Hi.

Pid wrote:
On 08/11/2011 15:12, Alexander Diedler wrote:
Hello

That most probably means that the URL mappings for mod_jk are not correct,
and that Apache httpd is serving that content directly.
Look at (or show here) the JkMount lines that should be somewhere in your
Apache configuration.

Was attached in the post:
JkMount /* loadbalancer
So everything would be served by tomcat.


But obviously it isn't, so there's something wrong with this JkMount.

Somewhere else you are talking of VirtualHost.
Are you sure that the above line is inside the <VirtualHost> configuration ?
If it is in the "main" Apache config, it is not automatically "inherited" by the VirtualHost's. Check the JkMountCopy directive for details.

At a second level, it also means that you are doing something that is
really not recommended : allow Apache httpd access to the Tomcat application
directories.

+1  I'd go further: *never* publish a Tomcat application docBase as an
HTTPD DocumentRoot.


That bypasses any security that you may have in Tomcat.
Your current problem is a perfect example : Apache now shows the source
code of your JSP pages.  Hopefully there is no secret password in there.

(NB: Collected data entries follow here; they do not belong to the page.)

(* [N a] is a set of profiles of the S-restricted game with R frozen to a. *)
Variable N : bool -> {ffun {v : V | v \in Ss} -> bool} -> Prop.

Definition lift_Ss x := exists a, consensus a x /\ N a (proj_Ss x).

Lemma lift_Ss_merge a z : N a z -> lift_Ss (merge (frozen a) z).
Proof. by exists a; rewrite proj_Ss_merge; split=> //; apply: consensus_merge_frozen. Qed.

Lemma lift_Ss_nash x : (forall a z, N a z -> nash (rgame (frozen a)) z) ->
  lift_Ss x -> nash u x /\ exists a, consensus a x.
Proof.
move=> NN [a [xa xN]]; split; last by exists a.
by rewrite -(merge_proj_Ss xa); apply/nash_merge_frozen/NN.
Qed.

Lemma lift_Ss_reachable :
  (forall a, glob_br_reachable (rgame (frozen a)) (N a)) -> glob_br_reachable u lift_Ss.
Proof.
move=> Nreach x; have [a [y ya p]] := consensus_reachable x.
have [z [zN pz]] := Nreach a (proj_Ss y).
exists (merge (frozen a) z); split; first exact: lift_Ss_merge.
by apply: br_path_trans p _; rewrite -{1}(merge_proj_Ss ya); apply: br_path_merge.
Qed.

Lemma lift_Ss_invariant :
  (forall a, br_invariant (rgame (frozen a)) (N a)) -> br_invariant u lift_Ss.
Proof.
move=> Ninv x x' [a [xa xN]] p; have [x'a p'] := br_path_consensus xa p.
by exists a; split=> //; apply: Ninv p'.
Qed.

End SNCGame.

Theorem proposition5 (R : realFieldType) (V : finType) (W : V -> V -> R)
  (h : V -> R) (Rs Ss : {set V}) :
  (forall i, W i i = 0) ->
  Rs :|: Ss = [set: V] -> [disjoint Rs & Ss] -> Rs != set0 ->
  (forall i j, i \in Rs -> j \in Rs -> 0 <= W i j) ->
  indecomposable W Rs (fun i => h i - wsum W i Ss) (fun i => h i + wsum W i Ss) ->
  (forall i, i \in Rs -> wsum W i Rs - `|h i| > wsum W i Ss) ->
  let Ntilde := fun x : {ffun V -> bool} =>
    nash (snc_game W h) x /\ exists a : bool, forall i, i \in Rs -> x i = a in
  ((forall a : bool,
      glob_br_reachable (@restricted_game R V W h Rs Ss [ffun _ => a])
        (nash (@restricted_game R V W h Rs Ss [ffun _ => a]))) ->
    (exists x, Ntilde x) /\ glob_br_reachable (snc_game W h) Ntilde)
  /\
  ((forall a : bool, exists Nbar : {ffun {v : V | v \in Ss} -> bool} -> Prop,
      (forall z, Nbar z -> nash (@restricted_game R V W h Rs Ss [ffun _ => a]) z) /\
      (exists z, Nbar z) /\
      glob_br_stable (@restricted_game R V W h Rs Ss [ffun _ => a]) Nbar) ->
    exists Nbar : {ffun V -> bool} -> Prop,
      (forall x, Nbar x -> Ntilde x) /\ (exists x, Nbar x) /\
      glob_br_stable (snc_game W h) Nbar).
Proof.
move=> W0 cover disj _ Wge0 indec dom Ntilde.
have lift_nash := lift_Ss_nash W0 cover disj Wge0 dom.
have lift_reach := lift_Ss_reachable W0 cover disj Wge0 indec.
have lift_inv := lift_Ss_invariant W0 cover disj Wge0 dom.
split=> [Nash_reach | Nbar_stable].
  pose N a := nash (@restricted_game R V W h Rs Ss [ffun _ => a]).
  split.
    have [z [zN _]] := Nash_reach true [ffun => false].
    by eexists; apply: (lift_nash N) (lift_Ss_merge disj (N := N) zN).
  move=> x; have [y [yN p]] := lift_reach N Nash_reach x.
  by exists y; split=> //; apply: (lift_nash N).
have [N1 [N1nash [[z1 z1N] [N1reach N1inv]]]] := Nbar_stable true.
have [N0 [N0nash [_ [N0reach N0inv]]]] := Nbar_stable false.
pose N a := if a then N1 else N0.
exists (lift_Ss Rs N); split; first by move=> x; apply: lift_nash; case.
split; first by eexists; apply: (lift_Ss_merge disj (N := N) (a := true) z1N).
by split; [apply: lift_reach | apply: lift_inv]; case.
Qed.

Test : (http://www.test.de/xyz)/WEB-INF/web.xml
Yes you are right, I can read the web.xml from the browser. How we can avoid
it?

Don't publish a Tomcat application docBase as an HTTPD DocumentRoot.
Simples.


To say that in another way :
Suppose that your Tomcat webapps directory is /var/lib/tomcatx/webapps.
Then DO NOT define in Apache
DocumentRoot /var/lib/tomcatx/webapps
(or any other overlap between these two, or subdirectories of ditto).

Apache httpd and Tomcat "don't know eachother", they are independent 
applications.
Each one has its own security system, based on different principles.

For example, Tomcat will /never/ allow a client to retrieve a file from inside a webapp's WEB-INF subdirectory. But Apache httpd doesn't know that a WEB-INF sub-directory is something special, so it will happily serve its content, if the URL maps there for Apache. Similarly, Apache doesn't know that a JSP file is something special (that must be compiled to a java servlet etc..). So if the URL which Apache handles points to something like that, Apache will happily serve it as a text file.